Hayden Carruth: "we always tell/each other what we already know"

Hayden Carruth died earlier this week, age 87.
About Carruth and his work, the poet Galway Kinnell says, "This is not a man who sits down to 'write a poem'; rather, some burden of understanding and feeling, some need to know, forces his poems into being. Thoreau said, 'Be it life or death, what we crave is reality.' So it is with Carruth. And even in hell, knowledge itself bestows a halo around the consciousness with, at moments, attains it." (from the Academy of American Poets)
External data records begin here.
(* Let $\gamma\in V$ be an element of finite order. Then $\gamma$ admits a non-empty open weakly $\gamma$-wandering subset of $S^1$. If moreover $\gamma\in T$, then $\gamma$ admits a non-empty open $\gamma$-wandering subset of $S^1$ (in fact, in that case any weakly $\gamma$-wandering set is $\gamma$-wandering).
   Context: $S^1$ is the interval $[0,1]$ with $0$ and $1$ identified. Thompson's group $T$ is the group of piecewise linear orientation-preserving homeomorphisms of $S^1$ which preserve the set of finite dyadic fractions, have finitely many breakpoints, all at finite dyadic fractions, and all slopes integer powers of $2$. Thompson's group $V$ is the group of left-continuous bijections of $S^1$ which map finite dyadic fractions to finite dyadic fractions, are differentiable except at finitely many finite dyadic fractions, and on each maximal interval of differentiability are linear with slope an integer power of $2$; $T\le V$. For $\gamma\in V$, a subset $U\subseteq S^1$ is $\gamma$-wandering if for every $n\in\mathbb{Z}$ with $\gamma^n\neq e$ we have $\gamma^n(U)\cap U=\emptyset$; $U$ is weakly $\gamma$-wandering if for every $n\in\mathbb{Z}$, either $\gamma^n$ fixes $U$ pointwise or $\gamma^n(U)\cap U=\emptyset$. *)

From Stdlib Require Import Reals ZArith.
Open Scope R_scope.

(* S^1 = [0,1) with 0 and 1 identified: points are represented by reals in [0,1). *)
Definition S1 (x : R) : Prop := 0 <= x < 1.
His collection "Scrambled Eggs & Whiskey: Poems, 1991-1995," received the National Book Award for Poetry in 1996. He was a self-described anarchist.
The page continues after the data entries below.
(* Let $0<m<L$, $\alpha>0$, and set $\kappa = L/m$. Suppose that $\delta \in \left[0, \tfrac{2}{\kappa+1}\right)$ and $\rho \geq \rho_\mathrm{GD}(\delta) := \max\big(1-(1-\delta)\alpha m,\ (1+\delta)\alpha L -1\big)$. If \[ \alpha \leq \frac{1}{1-\delta}\left( \frac{2}{L+m} - \frac{\delta}{m} \right) \quad\text{or}\quad \alpha \geq \frac{1}{1+\delta}\left( \frac{2}{L+m} + \frac{\delta}{L} \right), \] then there exists $c>0$ such that for every $f \in \mathcal{S}(m,L)$ (with reference point $x_\star$), every sequence $x(k)\in\mathbb{R}^n$ and every error sequence $e(k)\in\mathbb{R}^n$ satisfying, for all $k\ge 0$, \[ x(k+1) = x(k) - \alpha\big(\nabla f(x(k)) + e(k)\big), \qquad |e(k)| \leq \delta\, |\nabla f(x(k))|, \] we have $|x(k)-x_\star| \leq c\, \rho^k\, |x(0)-x_\star|$ for all $k \geq 0$.
   Context: For $0\le m<L$, $\mathcal{S}(m,L)$ denotes the set of $C^1$ functions $f:\mathbb{R}^n\to\mathbb{R}$ for which there is a reference point $x_\star\in\mathbb{R}^n$ such that for every $x\in\mathbb{R}^n$, $\langle m(x-x_\star) - \nabla f(x),\ L(x-x_\star) - \nabla f(x)\rangle \le 0$ (gradients bounded in the sector $[m,L]$ about $x_\star$). The constant $c$ may depend on $m,L,\alpha,\delta,\rho$ but not on $f$, $x$ or $e$. *)

From HB Require Import structures.
From mathcomp Require Import all_boot all_order all_algebra.
From mathcomp Require Import all_classical all_reals all_analysis.
Set Implicit Arguments. Unset Strict Implicit. Unset Printing Implicit Defensive.
Import Order.TTheory GRing.Theory Num.Theory.
Import numFieldNormedType.Exports.
Local Open Scope ring_scope.

(* Euclidean inner product and Euclidean norm on R^n (the library's norm on
   matrices is the sup norm, so we define the Euclidean one explicitly). *)
Definition dotv {R : realType} {n : nat} (u v : 'rV[R]_n) : R :=
  \sum_(i < n) u ord0 i * v ord0 i.

Definition enorm {R : realType} {n : nat} (u : 'rV[R]_n) : R :=
  Num.sqrt (dotv u u).

Definition C1_with_gradient {R : realType} {n : nat}
    (f : 'rV[R]_n -> R) (g : 'rV[R]_n -> 'rV[R]_n) : Prop :=
  (forall x, differentiable f x) /\
  (forall x v, 'D_v f x = dotv (g x) v) /\
  continuous g.

Definition in_sector_class {R : realType} {n : nat} (m L : R)
    (f : 'rV[R]_n -> R) (g : 'rV[R]_n -> 'rV[R]_n) (xs : 'rV[R]_n) : Prop :=
  C1_with_gradient f g /\
  forall x, dotv (m *: (x - xs) - g x) (L *: (x - xs) - g x) <= 0.

Definition rho_GD {R : realType} (m L alpha delta : R) : R :=
  Num.max (1 - (1 - delta) * alpha * m) ((1 + delta) * alpha * L - 1).

(* One step of the perturbed iteration already contracts the distance to x_star
   by the factor rho, so c = 1 works.  For y = x - x_star and G = grad f x, the
   sector condition gives <y, G> >= (|G|^2 + m L |y|^2) / (L + m) and, with
   Cauchy-Schwarz, m |y| <= |G| <= L |y|; hence |y - alpha G|^2 <= Q(|y|, |G|)
   for an explicit quadratic Q.  The error moves the iterate by at most
   alpha delta |G|, so it suffices that Q(N, t) <= (rho N - alpha delta t)^2 for
   t in [m N, L N].  Under either step-size condition the difference of the two
   sides factors into two terms that are nonnegative on this interval, one of
   them vanishing at t = m N (small alpha, rho >= 1 - (1 - delta) alpha m) or at
   t = L N (large alpha, rho >= (1 + delta) alpha L - 1). *)

From HB Require Import structures.
From mathcomp Require Import all_boot all_order all_algebra.
From mathcomp Require Import all_classical all_reals all_analysis.
From mathcomp Require Import ring lra.
Import Order.TTheory GRing.Theory Num.Theory.
Import numFieldNormedType.Exports.
Local Open Scope ring_scope.

Section EuclideanNorm.
Context {R : realType} {n : nat}.
Implicit Types (u v w : 'rV[R]_n).

Lemma dotvC u v : dotv u v = dotv v u.
Proof. by apply: eq_bigr => i _; rewrite mulrC. Qed.

Lemma dotvDl u w v : dotv (u + w) v = dotv u v + dotv w v.
Proof. by rewrite /dotv -big_split; apply: eq_bigr => i _; rewrite !mxE mulrDl. Qed.

Lemma dotvZl (a : R) u v : dotv (a *: u) v = a * dotv u v.
Proof. by rewrite /dotv mulr_sumr; apply: eq_bigr => i _; rewrite !mxE mulrA. Qed.

Lemma dotvNl u v : dotv (- u) v = - dotv u v.
Proof. by rewrite -scaleN1r dotvZl mulN1r. Qed.

Lemma dotvDr u w v : dotv v (u + w) = dotv v u + dotv v w.
Proof. by rewrite dotvC dotvDl !(dotvC v). Qed.

Lemma dotvNr u v : dotv v (- u) = - dotv v u.
Proof. by rewrite dotvC dotvNl dotvC. Qed.

Lemma dotvZr (a : R) u v : dotv v (a *: u) = a * dotv v u.
Proof. by rewrite dotvC dotvZl dotvC. Qed.

Definition dotvE := (dotvDl, dotvDr, dotvNl, dotvNr, dotvZl, dotvZr).

Lemma dotvv_ge0 u : 0 <= dotv u u.
Proof. by apply: sumr_ge0 => i _; rewrite -expr2 sqr_ge0. Qed.

Lemma dotvv_eq0 u : (dotv u u == 0) = (u == 0).
Proof.
apply/eqP/eqP => [uu0|->]; last by rewrite /dotv big1 // => i _; rewrite mxE mul0r.
apply/rowP => i; apply/eqP; rewrite mxE -sqrf_eq0 expr2.
by apply/eqP; apply: (psumr_eq0P _ uu0) => // j _; rewrite -expr2 sqr_ge0.
Qed.

Lemma enorm_ge0 u : 0 <= enorm u.
Proof. exact: sqrtr_ge0. Qed.

Lemma sqr_enorm u : enorm u ^+ 2 = dotv u u.
Proof. by rewrite sqr_sqrtr // dotvv_ge0. Qed.

Lemma enorm_le_sqr u (b : R) : 0 <= b -> dotv u u <= b ^+ 2 -> enorm u <= b.
Proof. by move=> b0 ub; rewrite -(ger0_norm b0) -sqrtr_sqr ler_wsqrtr. Qed.

Lemma enormZ (a : R) u : enorm (a *: u) = `|a| * enorm u.
Proof. by rewrite /enorm dotvZl dotvZr mulrA -expr2 sqrtrM ?sqr_ge0 // sqrtr_sqr. Qed.

Lemma cauchy_schwarz u v : dotv u v <= enorm u * enorm v.
Proof.
have [->|u0] := eqVneq u 0.
  by rewrite /dotv big1 ?mulr_ge0 ?enorm_ge0 // => i _; rewrite mxE mul0r.
have uu0 : 0 < dotv u u by rewrite lt0r dotvv_eq0 u0 dotvv_ge0.
have [uv0|uv0] := lerP (dotv u v) 0.
  by apply: le_trans uv0 _; rewrite mulr_ge0 ?enorm_ge0.
rewrite -ler_sqr ?nnegrE ?mulr_ge0 ?enorm_ge0 ?(ltW uv0) // exprMn !sqr_enorm.
(* 0 <= |<u,u> v - <u,v> u|^2 = <u,u> (<u,u><v,v> - <u,v>^2) *)
have := dotvv_ge0 (dotv u u *: v - dotv u v *: u).
rewrite !dotvE (dotvC v u); nra.
Qed.

Lemma ler_enormD u v : enorm (u + v) <= enorm u + enorm v.
Proof.
apply: enorm_le_sqr; first by rewrite addr_ge0 ?enorm_ge0.
rewrite !dotvE (dotvC v u) sqrrD !sqr_enorm.
by have := cauchy_schwarz u v; lra.
Qed.

End EuclideanNorm.

Section ScalarBounds.
Context {R : realType}.

Definition stepsize_condition (m L a d : R) : Prop :=
  a * (1 - d) * m * (L + m) <= 2 * m - d * (L + m) \/
  2 * L + d * (L + m) <= a * (1 + d) * L * (L + m).

Lemma rho_GD_ge0 (m L a d : R) :
  0 <= m -> m <= L -> 0 <= a -> 0 <= d -> 0 <= rho_GD m L a d.
Proof.
move=> m0 mL a0 d0; rewrite /rho_GD le_max.
have sum0 : 0 <= a * (L - m) + a * d * (L + m).
  by rewrite addr_ge0 ?mulr_ge0 ?subr_ge0 //; lra.
by case: lerP => //= neg; lra.
Qed.

Lemma stepsize_condition_of_div {m L a d : R} :
  0 < m -> m < L -> 0 <= d -> d < 1 ->
  (a <= (1 - d)^-1 * (2 / (L + m) - d / m) \/
   (1 + d)^-1 * (2 / (L + m) + d / L) <= a) ->
  stepsize_condition m L a d.
Proof.
move=> m0 mL d0 d1 [short|long]; [left|right]; [move: short | move: long].
- have -> : (1 - d)^-1 * (2 / (L + m) - d / m) =
            (2 * m - d * (L + m)) / ((1 - d) * m * (L + m)).
    by field; rewrite !gt_eqF ?subr_gt0 //; lra.
  by rewrite ler_pdivlMr ?mulrA // !mulr_gt0 // ?subr_gt0; lra.
- have -> : (1 + d)^-1 * (2 / (L + m) + d / L) =
            (2 * L + d * (L + m)) / ((1 + d) * L * (L + m)).
    by field; rewrite !gt_eqF //; lra.
  by rewrite ler_pdivrMr ?mulrA // !mulr_gt0 //; lra.
Qed.

(* Upper bound for |y - a G|^2 under the sector condition, in terms of N = |y| and t = |G|. *)
Definition sector_step_bound (m L a N t : R) : R :=
  N ^+ 2 - 2 * a * (t ^+ 2 + m * L * N ^+ 2) / (L + m) + a ^+ 2 * t ^+ 2.

Lemma sector_step_bound_short (m L a d N t : R) :
  0 < m -> m < L -> 0 < a -> 0 <= d -> d < 1 ->
  a * (1 - d) * m * (L + m) <= 2 * m - d * (L + m) ->
  0 <= N -> m * N <= t <= L * N ->
  0 <= (1 - (1 - d) * a * m) * N - a * d * t /\
  sector_step_bound m L a N t <= ((1 - (1 - d) * a * m) * N - a * d * t) ^+ 2.
Proof.
move=> m0 mL a0 d0 d1 short N0 /andP[tm tL].
have S0 : 0 < L + m by lra.
have aS : a * (L + m) <= 2.
  rewrite -subr_le0 -(@pmulr_rle0 _ ((1 - d) * m)); last by apply: mulr_gt0; lra.
  nra.
have coef : 0 <= 1 - (1 - d) * a * m - a * d * L.
  rewrite -(pmulr_rge0 _ S0).
  have : d * L * (a * (L + m)) <= d * L * 2 by rewrite ler_wpM2l ?mulr_ge0 //; lra.
  have : 0 <= (1 - d) * (L - m) by apply: mulr_ge0; lra.
  lra.
split.
  have : a * d * t <= a * d * (L * N) by rewrite ler_wpM2l ?mulr_ge0 //; lra.
  have := mulr_ge0 N0 coef; lra.
(* Both sides agree at t = m N, hence the factor t - m N. *)
rewrite -subr_ge0 -(pmulr_rge0 _ S0).
have -> : (L + m) * (((1 - (1 - d) * a * m) * N - a * d * t) ^+ 2
                     - sector_step_bound m L a N t) =
  (t - m * N) * (2 * a * (2 * m - d * (L + m) - a * (1 - d) * m * (L + m)) * N
                 + a * (2 - a * (1 - d ^+ 2) * (L + m)) * (t - m * N)).
  by rewrite /sector_step_bound; field; rewrite gt_eqF.
apply: mulr_ge0; first lra.
apply: addr_ge0; apply: mulr_ge0; try lra.
- by apply: mulr_ge0; lra.
- apply: mulr_ge0; first lra.
  have : 0 <= d ^+ 2 * (a * (L + m)) by rewrite mulr_ge0 ?sqr_ge0 ?mulr_ge0 //; lra.
  lra.
Qed.

Lemma sector_step_bound_long (m L a d N t : R) :
  0 < m -> m < L -> 0 < a -> 0 <= d ->
  2 * L + d * (L + m) <= a * (1 + d) * L * (L + m) ->
  0 <= N -> m * N <= t <= L * N ->
  0 <= ((1 + d) * a * L - 1) * N - a * d * t /\
  sector_step_bound m L a N t <= (((1 + d) * a * L - 1) * N - a * d * t) ^+ 2.
Proof.
move=> m0 mL a0 d0 long N0 /andP[tm tL].
have S0 : 0 < L + m by lra.
have aL : 1 <= a * L.
  rewrite -subr_ge0 -(@pmulr_rge0 _ ((1 + d) * (L + m))); last by apply: mulr_gt0; lra.
  lra.
split.
  have : a * d * t <= a * d * (L * N) by rewrite ler_wpM2l ?mulr_ge0 //; lra.
  have : 0 <= (a * L - 1) * N by rewrite mulr_ge0 // subr_ge0.
  lra.
set P := 2 * a * (a * (1 + d) * L * (L + m) - 2 * L - d * (L + m)).
set A := a * (2 - a * (1 - d ^+ 2) * (L + m)).
have P0 : 0 <= P by apply: mulr_ge0; lra.
have PA0 : 0 <= P + A * (L - m).
  have -> : P + A * (L - m) =
    (L + m) * a * (1 + d) * (a * (L + m) + a * d * (L - m) - 2) by rewrite /P /A; ring.
  rewrite mulr_ge0 ?mulr_ge0 //; try lra.
  rewrite -(@pmulr_rge0 _ (L * (1 + d) * (L + m))) ?mulr_gt0 //; try lra.
  have -> : L * (1 + d) * (L + m) * (a * (L + m) + a * d * (L - m) - 2) =
    (a * (1 + d) * L * (L + m) - 2 * L - d * (L + m)) * (L + m + d * (L - m))
    + d * (L - m) ^+ 2 + d ^+ 2 * (L ^+ 2 - m ^+ 2) by ring.
  rewrite -addrA; apply: addr_ge0; last apply: addr_ge0.
  - by apply: mulr_ge0; [lra | apply: addr_ge0; [lra | apply: mulr_ge0; lra]].
  - by rewrite mulr_ge0 ?sqr_ge0.
  - by rewrite mulr_ge0 ?sqr_ge0 //; nra.
(* This factor is affine in t, nonnegative at t = L N by P0 and at t = m N by PA0. *)
have factor0 : 0 <= P * N + A * (L * N - t).
  rewrite -(@pmulr_rge0 _ (L - m)) ?subr_gt0 //.
  have -> : (L - m) * (P * N + A * (L * N - t)) =
    (t - m * N) * P + (L * N - t) * (P + A * (L - m)) by ring.
  apply: addr_ge0; apply: mulr_ge0; lra.
(* Both sides agree at t = L N, hence the factor L N - t. *)
rewrite -subr_ge0 -(pmulr_rge0 _ S0).
have -> : (L + m) * ((((1 + d) * a * L - 1) * N - a * d * t) ^+ 2
                     - sector_step_bound m L a N t) =
  (L * N - t) * (P * N + A * (L * N - t)).
  by rewrite /sector_step_bound /P /A; field; rewrite gt_eqF.
apply: mulr_ge0; lra.
Qed.

Lemma sector_step_bound_le {m L a d rho N t : R} :
  0 < m -> m < L -> 0 < a -> 0 <= d -> d < 1 ->
  rho_GD m L a d <= rho ->
  stepsize_condition m L a d ->
  0 <= N -> m * N <= t <= L * N ->
  0 <= rho * N - a * d * t /\ sector_step_bound m L a N t <= (rho * N - a * d * t) ^+ 2.
Proof.
move=> m0 mL a0 d0 d1; rewrite /rho_GD ge_max => /andP[short_rho long_rho] step N0 tmL.
suff [r [r_rho [r0 Q_le]]] : exists r, r <= rho /\
    0 <= r * N - a * d * t /\ sector_step_bound m L a N t <= (r * N - a * d * t) ^+ 2.
  have rN : r * N <= rho * N by rewrite ler_wpM2r.
  split; first lra.
  by apply: le_trans Q_le _; rewrite ler_sqr ?nnegrE; lra.
case: step => [short|long].
- by exists (1 - (1 - d) * a * m); split; last exact: sector_step_bound_short.
- by exists ((1 + d) * a * L - 1); split; last exact: sector_step_bound_long.
Qed.

End ScalarBounds.

Section SectorClass.
Context {R : realType} {n : nat}.
Implicit Types (y G E : 'rV[R]_n).

Lemma sector_dotv_ge (m L : R) y G :
  dotv (m *: y - G) (L *: y - G) <= 0 ->
  enorm G ^+ 2 + m * L * enorm y ^+ 2 <= (L + m) * dotv y G.
Proof. by rewrite !dotvE !sqr_enorm (dotvC G y); lra. Qed.

Lemma sector_enorm_bounds (m L : R) y G :
  0 <= m -> m <= L -> dotv (m *: y - G) (L *: y - G) <= 0 ->
  m * enorm y <= enorm G <= L * enorm y.
Proof.
move=> m0 mL /sector_dotv_ge.
move: (enorm_ge0 y) (enorm_ge0 G) (cauchy_schwarz y G).
move: (enorm y) (enorm G) (dotv y G) => N t c N0 t0 cs sector.
have mNL : m * N <= L * N by rewrite ler_wpM2r.
have cs' : (L + m) * c <= (L + m) * (N * t) by rewrite ler_wpM2l //; lra.
have prod : (t - m * N) * (t - L * N) <= 0 by lra.
by apply/andP; split; rewrite leNgt; apply/negP => lt; nra.
Qed.

Lemma sector_gradient_step (m L a : R) y G :
  0 < L + m -> 0 <= a -> dotv (m *: y - G) (L *: y - G) <= 0 ->
  dotv (y - a *: G) (y - a *: G) <= sector_step_bound m L a (enorm y) (enorm G).
Proof.
move=> S0 a0 /sector_dotv_ge sector.
rewrite -subr_ge0.
have -> : sector_step_bound m L a (enorm y) (enorm G) - dotv (y - a *: G) (y - a *: G)
    = 2 * a / (L + m) * ((L + m) * dotv y G - enorm G ^+ 2 - m * L * enorm y ^+ 2).
  by rewrite /sector_step_bound !dotvE -!sqr_enorm (dotvC G y); field; rewrite gt_eqF.
by rewrite mulr_ge0 ?divr_ge0 ?mulr_ge0 //; lra.
Qed.

Lemma sector_perturbed_step {m L a d rho : R} {y G E : 'rV[R]_n} :
  0 < m -> m < L -> 0 < a -> 0 <= d -> d < 1 ->
  rho_GD m L a d <= rho ->
  stepsize_condition m L a d ->
  dotv (m *: y - G) (L *: y - G) <= 0 ->
  enorm E <= d * enorm G ->
  enorm (y - a *: (G + E)) <= rho * enorm y.
Proof.
move=> m0 mL a0 d0 d1 rho_ge step sector err.
have tmL : m * enorm y <= enorm G <= L * enorm y.
  by apply: sector_enorm_bounds => //; apply: ltW.
have [r0 Q_le] := sector_step_bound_le m0 mL a0 d0 d1 rho_ge step (enorm_ge0 y) tmL.
have exact_step : enorm (y - a *: G) <= rho * enorm y - a * d * enorm G.
  apply: enorm_le_sqr => //; apply: le_trans Q_le.
  by apply: sector_gradient_step => //; lra.
have -> : y - a *: (G + E) = (y - a *: G) + (- a) *: E.
  by rewrite scalerDr opprD addrA scaleNr.
apply: le_trans (ler_enormD _ _) _; rewrite enormZ normrN gtr0_norm //.
have : a * enorm E <= a * (d * enorm G) by rewrite ler_wpM2l // ltW.
lra.
Qed.

End SectorClass.

Theorem proposition1p1 (R : realType) (m L alpha delta rho : R) :
  0 < m -> m < L -> 0 < alpha ->
  0 <= delta -> delta < 2 / (L / m + 1) ->
  rho_GD m L alpha delta <= rho ->
  (alpha <= (1 - delta)^-1 * (2 / (L + m) - delta / m) \/
   (1 + delta)^-1 * (2 / (L + m) + delta / L) <= alpha) ->
  exists c : R, 0 < c /\
    forall (n : nat) (f : 'rV[R]_n -> R) (g : 'rV[R]_n -> 'rV[R]_n)
           (xs : 'rV[R]_n) (x e : nat -> 'rV[R]_n),
      in_sector_class m L f g xs ->
      (forall k, x k.+1 = x k - alpha *: (g (x k) + e k)) ->
      (forall k, enorm (e k) <= delta * enorm (g (x k))) ->
      forall k, enorm (x k - xs) <= c * rho ^+ k * enorm (x 0%N - xs).
Proof.
move=> m0 mL a0 d0 d_lt rho_ge cond.
have d1 : delta < 1.
  apply: lt_le_trans d_lt _; rewrite ler_pdivrMr ?mul1r; last by rewrite addr_gt0 ?divr_gt0 //; lra.
  by rewrite -lerBlDr ler_pdivlMr //; lra.
have rho0 : 0 <= rho by apply: le_trans rho_ge; rewrite rho_GD_ge0 //; lra.
have step := stepsize_condition_of_div m0 mL d0 d1 cond.
exists 1; split=> // n f g xs x e [_ sector] xS eb; elim=> [|k IH].
  by rewrite expr0 !mul1r.
have -> : x k.+1 - xs = (x k - xs) - alpha *: (g (x k) + e k) by rewrite xS addrAC.
apply: le_trans (sector_perturbed_step m0 mL a0 d0 d1 rho_ge step (sector (x k)) (eb k)) _.
by rewrite mul1r exprS -mulrA ler_wpM2l // -(mul1r (rho ^+ k)).
Qed.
Here's one of his poems to remember him by.

Silence

Sometimes we don’t say anything. Sometimes
we sit on the deck and stare at the masses of
goldenrod where the garden used to be
and watch the color change form day to day,
the high yellow turning to mustard and at last
to tarnish. Starlings flitter in the branches
of the dead hornbeam by the fence. And are these
therefore the procedures of defeat? Why am I
saying all this to you anyway since you already
know it? But of course we always tell
each other what we already know. What else?
It’s the way love is in a late stage of the world.

1 comment:

Special Needs Mama said...

Even more than the poem, I love the picture of Hayden Carruth with a laptop. You can almost imagine he has Linux installed in it. Modern man in modern times.